I have the following in items.py
import scrapy
from scrapy.loader import ItemLoader
from scrapy.loader.processors import MapCompose
from urlparse import urljoin
def convert_to_baseurl(url, loader_context):
response = loader_context.get('response')
return urljoin(url, response)
class Item(scrapy.Item):
url = scrapy.Field(
input_processor=MapCompose(convert_to_baseurl)
)
And the following in my spider
class webscraper(scrapy.Spider):
name = "spider"
def start_requests(self):
yield scrapy.Request(url=url, callback=self.parse)
def parse(self, response):
for entry in response.css('li.aanbodEntry'):
loader = ItemLoader(item=Huis(), selector=entry)
loader.add_css('url', 'a')
yield loader.load_item()
Upvotes: 1
Views: 880
Reputation: 28256
The _urljoin()
in the answer you referenced is a function written by the OP, and it has a different signature than the one in the stdlib.

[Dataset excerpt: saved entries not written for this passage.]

From Pilot Require Import Defs.
From HB Require Import structures.
From mathcomp Require Import all_boot all_order all_algebra.
From mathcomp Require Import all_classical all_reals all_analysis.
From mathcomp Require Import ring.
Import Order.TTheory GRing.Theory Num.Theory numFieldNormedType.Exports.
Local Open Scope classical_set_scope.
Local Open Scope ring_scope.
Set Implicit Arguments. Unset Strict Implicit. Unset Printing Implicit Defensive.

(* We pass to the cone  K = {t c | t >= 0, c in C}.  Since C is s-convex, K is
   a convex cone, and since rho(o) = o is not on the sphere, K is pointed
   (u, w in K and u + w = 0 force u = 0).  Closedness of C only enters through
   closedness of K along lines avoiding the origin.

   For v in K the "face directions" L(v) are the d with v +- e d in K for some
   e > 0; they form a linear subspace.  We show by induction on an upper bound
   for the dimension of L(v) that every v in K is a nonnegative combination of
   s-extreme points of C: if rho(v) is not s-extreme, then v = a x1 + b x2 with
   x1 != x2 in C; pushing x1 - g x2 and x2 - h x1 to the boundary of K gives
   v = p u1 + q u2 with u1, u2 in K and dim L(ui) < dim L(v).
   The theorem follows: C = rho(conv (sext C)), and 0 is not in conv (sext C)
   because K is pointed. *)

Section SKreinMilman.
Variables (R : realType) (n : nat) (Phi : 'rV[R]_n -> R).
Hypothesis Phi_cont : continuous Phi.
Hypothesis Phi_ge0 : forall x, 0 <= Phi x.
Hypothesis Phi_hom : forall (t : R) x, 0 <= t -> Phi (t *: x) = t * Phi x.
Hypothesis Phi_eq0 : forall x, Phi x = 0 <-> x = 0.

Local Notation V := 'rV[R]_n.
Local Notation rho := (Defs.rho Phi).

Lemma Phi_gt0 x : x != 0 -> 0 < Phi x.
Proof.
by move=> x0; rewrite lt_def Phi_ge0 andbT; apply/eqP => /Phi_eq0 /eqP; rewrite (negbTE x0).
Qed.

Lemma rhoE x : x != 0 -> rho x = (Phi x)^-1 *: x.
Proof. by move=> x0; rewrite /Defs.rho (negbTE x0). Qed.

Lemma rho_scale x : x != 0 -> x = Phi x *: rho x.
Proof. by move=> x0; rewrite rhoE // scalerA divff ?scale1r // gt_eqF ?Phi_gt0. Qed.

Lemma rhoZ k x : 0 < k -> x != 0 -> rho (k *: x) = rho x.
Proof.
move=> k0 x0; have kx0 : k *: x != 0 by rewrite scaler_eq0 negb_or gt_eqF.
rewrite !rhoE // Phi_hom ?ltW // scalerA invfM; congr (_ *: _).
by field; rewrite !gt_eqF ?Phi_gt0.
Qed.

Lemma ratio01 (t s : R) : 0 <= t -> t <= s -> 0 < s -> 0 <= t / s <= 1.
Proof.
by move=> t0 ts s0; apply/andP; split; [rewrite divr_ge0 // ltW | rewrite ler_pdivrMr // mul1r].
Qed.

Lemma half01 : 0 <= (1 / 2 : R) <= 1.
Proof. by apply: ratio01; rewrite ?ler1n. Qed.

Variable C : set V.
Hypothesis C_sconv : s_convex Phi C.
Hypothesis C_closed : closed C.

Lemma PhiC x : C x -> Phi x = 1.
Proof. by case: C_sconv => _ [+ _] => /[apply]. Qed.

Lemma C_neq0 x : C x -> x != 0.
Proof.
move=> /PhiC h; apply/eqP => x0; move: h.
by rewrite x0 (proj2 (Phi_eq0 0) erefl) => /eqP; rewrite eq_sym oner_eq0.
Qed.

Lemma rho_C x : C x -> rho x = x.
Proof. by move=> Cx; rewrite rhoE ?C_neq0 // PhiC // invr1 scale1r. Qed.

Lemma C_sadd x y l : C x -> C y -> 0 <= l <= 1 -> C (sadd Phi l x y).
Proof. by case: C_sconv => _ [_ h] /h h1 /h1; apply. Qed.

Lemma comb_eq (t s : R) (x y : V) : 0 < t + s ->
  (t / (t + s)) *: x + (1 - t / (t + s)) *: y = (t + s)^-1 *: (t *: x + s *: y).
Proof.
move=> ts; rewrite scalerDr !scalerA; congr (_ *: _ + _ *: _); first by rewrite mulrC.
by field; rewrite gt_eqF.
Qed.

Lemma ratio_sum01 (t s : R) : 0 <= t -> 0 <= s -> 0 < t + s -> 0 <= t / (t + s) <= 1.
Proof. by move=> t0 s0 ts; apply: ratio01; rewrite // lerDl. Qed.

(* The segment between two points of C avoids the origin, as rho 0 = 0 is
   not on the sphere. *)
Lemma comb_nz t s x y : C x -> C y -> 0 <= t -> 0 <= s -> 0 < t + s ->
  t *: x + s *: y != 0.
Proof.
move=> Cx Cy t0 s0 ts; apply/negP => /eqP h.
have := C_sadd Cx Cy (ratio_sum01 t0 s0 ts).
by rewrite /sadd comb_eq // h scaler0 /Defs.rho eqxx => /C_neq0; rewrite eqxx.
Qed.

Lemma indep x1 x2 a b : C x1 -> C x2 -> x1 != x2 -> a *: x1 + b *: x2 = 0 ->
  a = 0 /\ b = 0.
Proof.
move=> C1 C2 ne; wlog a0 : a b / 0 <= a.
  move=> hw h; have [a0|a0] := leP 0 a; first exact: hw a b a0 h.
  have [] := hw (- a) (- b); rewrite ?oppr_ge0 ?ltW //.
    by rewrite !scaleNr -opprD h oppr0.
  by move=> /eqP; rewrite oppr_eq0 => /eqP -> /eqP; rewrite oppr_eq0 => /eqP ->.
move=> h; have [b0|b0] := leP 0 b.
  have [/eqP|ab] := eqVneq (a + b) 0; first by rewrite paddr_eq0 // => /andP[/eqP ->/eqP ->].
  by have := comb_nz C1 C2 a0 b0; rewrite h eqxx lt_def ab addr_ge0 // => /(_ isT).
have ax1 : a *: x1 = - b *: x2 by rewrite scaleNr; apply/eqP; rewrite -subr_eq0 opprK h.
have ab : a = - b.
  have := congr1 Phi ax1; rewrite (Phi_hom _ a0) Phi_hom ?oppr_ge0 ?ltW //.
  by rewrite (PhiC C1) (PhiC C2) !mulr1.
have nb0 : - b != 0 by rewrite oppr_eq0 lt_eqF.
by move: ax1; rewrite ab => /(scalerI nb0) x12; move: ne; rewrite x12 eqxx.
Qed.

Definition cone (v : V) : Prop := exists t c, 0 <= t /\ C c /\ v = t *: c.

Lemma cone_C c : C c -> cone c.
Proof. by move=> Cc; exists 1, c; rewrite ler01 scale1r. Qed.

Lemma cone0 : cone 0.
Proof. by case: C_sconv => -[c Cc] _; exists 0, c; rewrite lexx scale0r. Qed.

Lemma coneZ k u : 0 <= k -> cone u -> cone (k *: u).
Proof. by move=> k0 [t [c [t0 [Cc ->]]]]; exists (k * t), c; rewrite mulr_ge0 // scalerA. Qed.

Lemma cone_of_rho v : v != 0 -> C (rho v) -> cone v.
Proof. by move=> v0 Cv; exists (Phi v), (rho v); rewrite Phi_ge0 -rho_scale. Qed.

Lemma rho_cone v : v != 0 -> cone v -> C (rho v).
Proof.
move=> + [t [c [t0 [Cc ve]]]]; rewrite ve scaler_eq0 negb_or => /andP [tn0 _].
by rewrite rhoZ ?rho_C // ?C_neq0 // lt_def tn0.
Qed.

(* s-convexity of C makes its cone closed under addition. *)
Lemma coneD u w : cone u -> cone w -> cone (u + w).
Proof.
move=> [t [x [t0 [Cx ->]]]] [s [y [s0 [Cy ->]]]].
have [/eqP|ts] := eqVneq (t + s) 0.
  by rewrite paddr_eq0 // => /andP [/eqP -> /eqP ->]; rewrite !scale0r addr0; exact: cone0.
have tsp : 0 < t + s by rewrite lt_def ts addr_ge0.
apply: cone_of_rho; first exact: comb_nz.
have -> : t *: x + s *: y = (t + s) *: ((t / (t + s)) *: x + (1 - t / (t + s)) *: y).
  by rewrite comb_eq // scalerA divff ?scale1r // gt_eqF.
rewrite rhoZ //; first exact: C_sadd (ratio_sum01 t0 s0 tsp).
by rewrite comb_eq // scaler_eq0 negb_or invr_eq0 ts comb_nz.
Qed.

Lemma cone_pointed u w : cone u -> cone w -> u + w = 0 -> u = 0.
Proof.
move=> [t [x [t0 [Cx ue]]]] [s [y [s0 [Cy we]]]] h.
have [/eqP|ts] := eqVneq (t + s) 0.
  by rewrite paddr_eq0 // ue => /andP [/eqP -> _]; rewrite scale0r.
have tsp : 0 < t + s by rewrite lt_def ts addr_ge0.
by move: (comb_nz Cx Cy t0 s0 tsp); rewrite -ue -we h eqxx.
Qed.

Lemma cone_conv a b l : cone a -> cone b -> 0 <= l <= 1 -> cone (l *: a + (1 - l) *: b).
Proof. by move=> Ka Kb /andP [l0 l1]; apply: coneD; apply: coneZ; rewrite ?subr_ge0. Qed.

Lemma cone_shrink v d t : cone v -> cone (v + d) -> 0 <= t <= 1 -> cone (v + t *: d).
Proof.
move=> Kv Kvd t01.
have -> : v + t *: d = t *: (v + d) + (1 - t) *: v by apply/rowP => i; rewrite !mxE; ring.
exact: cone_conv.
Qed.

Lemma cone_line_closed (p q : V) (a b : R) : a < b -> (forall s : R, p + s *: q != 0) ->
  (forall s, a < s < b -> cone (p + s *: q)) -> cone (p + b *: q).
Proof.
move=> ab nz hs; apply: cone_of_rho => //.
pose f := fun s : R => (Phi (p + s *: q))^-1 *: (p + s *: q).
have fE s : rho (p + s *: q) = f s by rewrite rhoE.
rewrite fE; apply: (@closed_cvg R V b^'- _ f C C_closed).
  near=> s; rewrite -fE; apply: rho_cone => //; apply: hs; apply/andP; split.
    by near: s; exact: nbhs_left_gt.
  by near: s; exact: nbhs_left_lt.
apply: cvg_at_left_filter.
have hc : {for b, continuous (fun s : R => p + s *: q)}.
  have h1 : {for b, continuous (fun s : R => s *: q)}.
    by apply: continuousZr_tmp; exact: cvg_id.
  have h0 : {for b, continuous (fun _ : R => p)} by exact: cst_continuous.
  exact: (@continuousD R V R (fun _ => p) (fun s => s *: q) b h0 h1).
have pc : {for b, continuous (fun s : R => Phi (p + s *: q))}.
  exact: (@continuous_comp R V R _ Phi b hc (@Phi_cont (p + b *: q))).
have vc : {for b, continuous (fun s : R => (Phi (p + s *: q))^-1)}.
  by apply: continuousV => //; rewrite gt_eqF // Phi_gt0.
exact: (@continuousZ R V R (fun s => (Phi (p + s *: q))^-1) (fun s => p + s *: q) b vc hc).
Unshelve. all: by end_near.
Qed.

(* Face directions of v: the directions along which v can move both ways
   inside the cone.  They span the smallest face of the cone containing v. *)
Definition face_dir (v : V) (d : V) : Prop :=
  exists2 e, 0 < e & cone (v + e *: d) /\ cone (v - e *: d).

Lemma face_dir_cone v d : face_dir v d -> cone v.
Proof.
move=> [e e0 [K1 K2]]; have := cone_conv K1 K2 half01.
suff -> : 1 / 2 *: (v + e *: d) + (1 - 1 / 2) *: (v - e *: d) = v by [].
by apply/rowP => i; rewrite !mxE; field.
Qed.

Lemma face_dir_ball v d : face_dir v d -> exists2 e, 0 < e &
  forall f, 0 <= f <= e -> cone (v + f *: d) /\ cone (v - f *: d).
Proof.
move=> Lvd; have Kv := face_dir_cone Lvd; case: Lvd => [e e0 [K1 K2]].
exists e => // f /andP [f0 fe]; have t01 : 0 <= f / e <= 1 by exact: ratio01.
have step (s : R) : cone (v + (s * e) *: d) -> cone (v + (s * f) *: d).
  move=> Ks; have := cone_shrink Kv Ks t01.
  by rewrite scalerA mulrCA divfK ?gt_eqF.
split; first by have := step 1; rewrite !mul1r; apply.
by have := step (-1); rewrite !mulN1r !scaleNr; apply.
Qed.

Lemma face_dir0 v : cone v -> face_dir v 0.
Proof. by move=> Kv; exists 1 => //; rewrite scaler0 addr0 subr0. Qed.

Lemma face_dirZ v d k : face_dir v d -> face_dir v (k *: d).
Proof.
move=> Lvd; have Kv := face_dir_cone Lvd; case: Lvd => [e e0 [K1 K2]].
have [->|kn0] := eqVneq k 0; first by rewrite scale0r; exact: face_dir0.
have [kp|kn] := ltP 0 k.
  by exists (e / k); rewrite ?divr_gt0 // !scalerA divfK.
exists (e / - k); first by rewrite divr_gt0 // oppr_gt0 lt_neqAle kn0 kn.
rewrite !scalerA; have -> : e / - k * k = - e by field.
by rewrite !scaleNr opprK.
Qed.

The correct way to use the stdlib urljoin()
would be:
return urljoin(response.url, url)
There is no need to use that however, since you can use Response.urljoin() :
def absolute_url(url, loader_context):
return loader_context['response'].urljoin(url)
For the response to be accessible through the context
attribute, you need to pass it as an argument when creating the item loader, or use a different method mentioned in item loader docs:
loader = ItemLoader(item=Huis(), selector=entry, response=response)
Upvotes: 4